CBR PIs: Dr Maurice A Curtis and Dr Henry J Waldvogel

The inhibitory system in the human brain plays a critical role during development and continues to impact on normal brain function as well as being a major drug target for known neuroactive pharmaceuticals and in novel drug design. How the inhibitory system works in the normal brain, and how it is altered in brain diseases, is well studied but poorly understood. In this project we will study the localisation, mechanism of action and function of the postsynaptic protein complex at inhibitory synapses in normal and diseased conditions. We also propose to study the role of the inhibitory system in structural plasticity and neurogenesis in the human brain cells and tissue. 
This research project will use immunohistochemical methods and high resolution imaging techniques to characterize the inhibitory synapses in the adult human brain and to study the complex anatomical localisation. We propose to use cell culture to alter the distribution of glycinergic and GABAergic proteins followed by gene expression profiling of associated genes and their products. In addition we propose to use live receptor labelling techniques to track receptor formation and recycling in human and rodent cell lines know to express high levels of inhibitory synapses and receptors. This research plan is a clear ambitious progression from current studies into the neurobiology of the glycinergic and GABAergic postsynaptic complexes. We are characterising the localisation and plasticity of inhibitory receptor synaptic complexes throughout the entire human brain. To delineate the postsynaptic complexity, we will adopt an interdisciplinary approach to study the distribution and co-localisation of postsynaptic proteins with glycinergic, GABAA and GABAB receptor subunits and scaffolding proteins such as gephyrin as well as other important receptors such as dopaminergic receptors in post-mortem adult human brain and spinal cord. 

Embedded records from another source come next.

Lemma sqrt_sqrD_triangle (u v a b : R) :
  Num.sqrt ((u + v) ^+ 2 + (a + b) ^+ 2) <=
  Num.sqrt (u ^+ 2 + a ^+ 2) + Num.sqrt (v ^+ 2 + b ^+ 2).
Proof.
have hs := sqr_sqrtr (addr_ge0 (sqr_ge0 u) (sqr_ge0 a)).
have ht := sqr_sqrtr (addr_ge0 (sqr_ge0 v) (sqr_ge0 b)).
have s0 := sqrtr_ge0 (u ^+ 2 + a ^+ 2); have t0 := sqrtr_ge0 (v ^+ 2 + b ^+ 2).
set s := Num.sqrt (u ^+ 2 + a ^+ 2) in hs s0 *.
set t := Num.sqrt (v ^+ 2 + b ^+ 2) in ht t0 *.
rewrite -[s + t]ger0_norm ?addr_ge0 // -sqrtr_sqr ler_sqrt ?sqr_ge0 //.
(* Cauchy-Schwarz in the plane: [(uv + ab)^2 + (ub - av)^2 = s^2 t^2]. *)
have cs : u * v + a * b <= s * t.
  have := sqr_ge0 (u * b - a * v); have := mulr_ge0 s0 t0; nra.
nra.
Qed.

Lemma sqrt_sum_sqrD_le (k : nat) (f g : 'I_k -> R) :
  Num.sqrt (\sum_(i < k) (f i + g i) ^+ 2) <=
  Num.sqrt (\sum_(i < k) f i ^+ 2) + Num.sqrt (\sum_(i < k) g i ^+ 2).
Proof.
elim: k f g => [|k IH] f g; first by rewrite !big_ord0 sqrtr0 addr0.
rewrite !big_ord_recr /=.
set A := \sum_(i < k) f (widen_ord _ i) ^+ 2.
set B := \sum_(i < k) g (widen_ord _ i) ^+ 2.
have A0 : 0 <= A by apply: sumr_ge0 => i _; apply: sqr_ge0.
have B0 : 0 <= B by apply: sumr_ge0 => i _; apply: sqr_ge0.
have := sqrt_sqrD_triangle (Num.sqrt A) (Num.sqrt B) (f ord_max) (g ord_max).
rewrite !sqr_sqrtr //; apply: le_trans.
rewrite ler_sqrt ?addr_ge0 ?sqr_ge0 // lerD2r.
rewrite -[X in X <= _]sqr_sqrtr ?sumr_ge0 // => [|i _]; last exact: sqr_ge0.
by rewrite lerXn2r ?nnegrE ?sqrtr_ge0 ?addr_ge0 ?sqrtr_ge0 //; apply: IH.
Qed.

Lemma enorm_ge0 n (x : 'I_n -> R) : 0 <= enorm n x.
Proof. exact: sqrtr_ge0. Qed.

Lemma enormD n (x y : 'I_n -> R) :
  enorm n (fun i => x i + y i) <= enorm n x + enorm n y.
Proof. exact: sqrt_sum_sqrD_le. Qed.

Lemma enormZ n (x : 'I_n -> R) c : enorm n (fun i => c * x i) = `|c| * enorm n x.
Proof.
rewrite /Defs.enorm -sqrtr_sqr -sqrtrM ?sqr_ge0 // mulr_sumr.
by congr Num.sqrt; apply: eq_bigr => i _; rewrite exprMn.
Qed.

Lemma edistC n (x y : 'I_n -> R) : edist n x y = edist n y x.
Proof.
by congr Num.sqrt; apply: eq_bigr => i _; rewrite -opprB sqrrN.
Qed.

Lemma edist_ge0 n (x y : 'I_n -> R) : 0 <= edist n x y.
Proof. exact: sqrtr_ge0. Qed.

Lemma enorm_le_edistD n (x y : 'I_n -> R) : enorm n x <= enorm n y + edist n x y.
Proof.
have := enormD y (fun i => x i - y i).
by have -> : (fun i => y i + (x i - y i)) = x by apply: funext => i; rewrite addrC subrK.
Qed.

Lemma enorm_dist_le n (x y : 'I_n -> R) : `|enorm n x - enorm n y| <= edist n x y.
Proof.
have := enorm_le_edistD x y; have := enorm_le_edistD y x.
rewrite edistC ler_norml; lra.
Qed.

To date few studies have reported on the presence of inhibitory receptor proteins in the neurogenic and high plasticity areas of the human brain. This system is thought also to play a large role in neuronal migration and development. In addition, given that many neuroleptics, antipsychotics and antidepressants alter the inhibitory system it will be important to identify areas that these drugs may be targeting and to identify new targets for novel drug discovery in the human brain. Our approach will be to use a wide range of techniques and to have a multidisciplinary approach including genetics, pharmacology, neuroanatomy as well a variety of specialist imaging techniques. 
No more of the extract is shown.